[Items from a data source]

————————

Lemma fp_sub_dsum k P M (S : M -> Prop) : S 0 -> fgproj P -> fp_sub k S ->
  fp_sub k (fun z : dsum P M => S z.2).
Proof.
move=> S0 [Pproj [ps psP]]; case: k => [|k].
  case=> xs [xsS Sxs].
  exists (map (fun p => (p, 0) : dsum P M) ps ++ map (fun x => (0, x) : dsum P M) xs).
  split=> [z|[p x] /= Sx].
    by rewrite mem_cat => /orP[] /mapP [w w_in ->] //=; apply: xsS.
  rewrite dsum_split; apply: span_add.
  - by apply: span_catl; apply: span_hom (hom_inl P M) _ _.
  - by apply: span_catr; apply: span_hom (hom_inr P M) _ (Sxs _ Sx).
case=> Q [g [Qfgp hg [gS Sg] fp_kerg]].
exists (dsum P Q), (fun z => (z.1, g z.2) : dsum P M); split.
- by apply: dsum_fgproj => //; split; last by exists ps.
- exact: hom_pair (hom_fst _ _) (hom_comp (hom_snd _ _) hg).
- by split=> [z|[p x] /= /Sg [q <-]]; [apply: gS | exists (p, q)].
apply: (fp_sub_inj_image (i := fun q => (0, q) : dsum P Q)) fp_kerg.
- exact: hom_inr.
- by move=> q [].
- by move=> q gq0; rewrite /kerp /= gq0.
- by case=> p q [-> gq0]; exists q.
Qed.

End FiniteTypeSubmodules.

Section Resolutions.
Variable G : group.
Implicit Types M N P : gmod G.

Definition resolution M (S : M -> Prop) (Q : nat -> gmod G) (a : Q 0 -> M)
    (d : forall j, Q j.+1 -> Q j) : Prop :=
  [/\ is_hom a /\ (forall j, is_hom (d j)), maps_onto a S,
      (forall x, a x = 0 <-> exists z, d 0 z = x),
      (forall j (x : Q j.+1), d j x = 0 <-> exists z, d j.+1 z = x) &
      (forall j, projective (Q j))].

Definition cover_map M (S : M -> Prop) : free_gmod G {x : M | S x} -> M :=
  free_map (fun x : {x : M | S x} => sval x).
Arguments cover_map {M} S.

Lemma cover_map_hom M (S : M -> Prop) : is_hom (cover_map S).
Proof. exact: free_map_hom. Qed.

Lemma cover_map_onto M (S : M -> Prop) : gmod_closed S -> maps_onto (cover_map S) S.
Proof.
move=> S_closed; split=> [|y Sy]; last first.
  by exists (free_gen G (exist _ y Sy)); rewrite /cover_map free_map_gen.
apply: free_gmod_ind; first exact: preim_closed S_closed (cover_map_hom S).
by case=> y Sy; rewrite /cover_map free_map_gen.
Qed.

Record arrow := Arrow {
  arrow_src : gmod G; arrow_tgt : gmod G; arrow_map : arrow_src -> arrow_tgt }.
Arguments arrow_map : clear implicits.

Definition kernel_cover (s : arrow) : arrow := Arrow (cover_map (kerp (arrow_map s))).

Lemma kernel_cover_exact (s : arrow) : is_hom (arrow_map s) ->
  forall x, arrow_map s x = 0 <-> exists z, arrow_map (kernel_cover s) z = x.
Proof.
move=> hs x; have [onto_ker ker_onto] := cover_map_onto (kerp_closed hs).
by split=> [/ker_onto [z <-]|[z <-]]; [exists z | apply: onto_ker].
Qed.

Lemma projective_resolution M (S : M -> Prop) : gmod_closed S ->
  exists Q a d, @resolution M S Q a d.
Proof.
move=> S_closed; pose s0 := Arrow (cover_map S).
have hs j : is_hom (arrow_map (iter j kernel_cover s0)).
  by case: j => [|j]; apply: cover_map_hom.
exists (fun j => arrow_src (iter j kernel_cover s0)), (arrow_map s0).
exists (fun j => arrow_map (iter j.+1 kernel_cover s0)); split.
- by split=> [|j]; [apply: hs 0 | apply: hs j.+1].
- exact: cover_map_onto.
- exact: kernel_cover_exact (hs 0).
- by move=> j; apply: kernel_cover_exact (hs j.+1).
- by case=> [|j]; apply: free_projective.
Qed.

Definition gcons P (Q : nat -> gmod G) (j : nat) : gmod G := if j is j.+1 then Q j else P.

Definition dcons P (Q : nat -> gmod G) (a : Q 0 -> P) (d : forall j, Q j.+1 -> Q j)
    (j : nat) : gcons P Q j.+1 -> gcons P Q j :=
  match j return gcons P Q j.+1 -> gcons P Q j with 0 => a | j.+1 => d j end.

Lemma resolution_cons M (S : M -> Prop) P (f : P -> M) (Q : nat -> gmod G) a d :
  projective P -> is_hom f -> maps_onto f S -> @resolution P (kerp f) Q a d ->
  @resolution M S (gcons P Q) f (dcons a d).
Proof.
move=> Pproj hf fS [[ha hd] [akerf kerfa] exact0 exact_succ Qproj]; split=> //.
- by split=> // -[|j] /=.
- by move=> x; split=> [/kerfa [z <-]|[z <-]]; [exists z | apply: akerf].
- by case=> [|j] x /=; [apply: exact0 | apply: exact_succ].
- by case=> [|j] /=.
Qed.

Lemma fp_sub_free_resolution k M (S : M -> Prop) : gmod_closed S -> fp_sub k S ->
  exists Q a d, @resolution M S Q a d /\ forall j, (j <= k)%N -> fg_free (Q j).
Proof.
elim: k M S => [|k IH] M S S_closed fpS.
all: have [n [f [hf fS]]] := fg_sub_free_cover S_closed (fp_sub_fg fpS).
all: have ker_closed := kerp_closed hf.
- have [Q [a [d resQ]]] := projective_resolution ker_closed.
  exists (gcons (free_gmod G 'I_n) Q), f, (dcons a d); split.
    exact: resolution_cons free_projective hf fS resQ.
  by case=> // _; apply: free_fg_free.
- have [Q [a [d [resQ Qfree]]]] := IH _ _ ker_closed (fp_sub_kerp fpS free_fgproj hf fS).
  exists (gcons (free_gmod G 'I_n) Q), f, (dcons a d); split.
    exact: resolution_cons free_projective hf fS resQ.
  by case=> [_|j /Qfree]; first apply: free_fg_free.
Qed.

End Resolutions.

Section Chains.
Variables (G : group) (X : nat -> gmod G) (dl : forall i, X i.+1 -> X i) (S : X 0 -> Prop).

Definition cycles (i : nat) : X i -> Prop :=
  match i return X i -> Prop with 0 => S | j.+1 => kerp (@dl j) end.
Arguments cycles : clear implicits.

Definition exact_at (i : nat) : Prop := is_hom (@dl i) /\ maps_onto (@dl i) (cycles i).

Lemma fp_sub_exact_chain N : (forall i, (i < N)%N -> exact_at i) ->
  (forall i, (0 < i <= N)%N -> fgproj (X i)) -> fg_sub (cycles N) -> fp_sub N S.
Proof.
move=> dl_exact Xfgp fg_cycN; suff: forall k i, (i + k)%N = N -> fp_sub k (cycles i).
  by move/(_ N 0 (add0n N)).
elim=> [|k IH] i ikN; first by move: ikN; rewrite addn0 => ->.
have i_lt : (i < N)%N by rewrite -ikN -addSnnS leq_addr.
have [hd dl_onto] := dl_exact i i_lt.
exists (X i.+1), (@dl i); split=> //; first by apply: Xfgp; rewrite i_lt.
by apply: IH; rewrite addSnnS.
Qed.

Lemma fp_sub_exact_chain_fgproj N : (forall i, (i <= N)%N -> exact_at i) ->
  (forall i, (0 < i <= N.+1)%N -> fgproj (X i)) -> fp_sub N S.
Proof.
move=> dl_exact Xfgp; apply: fp_sub_exact_chain => [i /ltnW /dl_exact //|i /andP [i_gt0 iN]|].
  by apply: Xfgp; rewrite i_gt0 ltnW.
have [hd dl_onto] := dl_exact N (leqnn N).
exact: fg_sub_image hd (Xfgp N.+1 (leqnn _)).2 dl_onto.
Qed.

Lemma fp_sub_cycles N m : (forall i, (i < N)%N -> exact_at i) ->
  (forall i, (0 < i <= N)%N -> fgproj (X i)) -> fp_sub m S ->
  forall i, (i <= N)%N -> (i <= m)%N -> fp_sub (m - i) (cycles i).
Proof.
move=> dl_exact Xfgp fpS; elim=> [|i IH] iN im; first by rewrite subn0.
have := IH (ltnW iN) (ltnW im).
have -> : (m - i = (m - i.+1).+1)%N by rewrite subnS prednK // subn_gt0.
have [hd dl_onto] := dl_exact i iN.
by move/fp_sub_kerp; apply=> //; apply: Xfgp; rewrite iN.
Qed.

End Chains.

Arguments cycles {G X} dl S i _.
Arguments exact_at {G X} dl S i.

Lemma exact_upto_exact_at G (C : nat -> gmod G) (d : forall i, C i.+1 -> C i)
    (aug : C 0 -> Zmod G) N :
  exact_upto d aug N -> forall i, (i < N)%N -> exact_at d (kerp aug) i.
Proof.
case=> _ hd _ exact0 exact_succ [|i] iN; split; try exact: hd.
  by split=> [x|y /exact0 //]; apply/exact0; exists x.
by split=> [x|y /(exact_succ _ iN) //]; apply/(exact_succ _ iN); exists x.
Qed.

Lemma resolution_exact_at G (M : gmod G) (S : M -> Prop) Q a d :
  @resolution G M S Q a d -> forall i, exact_at (dcons a d) S i.
Proof.
case=> [[ha hd] aS exact0 exact_succ _] [|[|i]]; split=> //=.
- by split=> [x|y /exact0 //]; apply/exact0; exists x.
- by split=> [x|y /exact_succ //]; apply/exact_succ; exists x.
Qed.

Section GroupPair.
Variables (G : group) (ZGP : gmod G) (eps : ZGP -> Zmod G).
Hypothesis heps : is_hom eps.
Hypothesis eps_onto : forall z : Zmod G, exists x, eps x = z.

————————

§ **Exercise aim**:
Could you give the number of lines in the entries that contain the string "match"? Only the number, please.

§ **Response to the exercise**:
2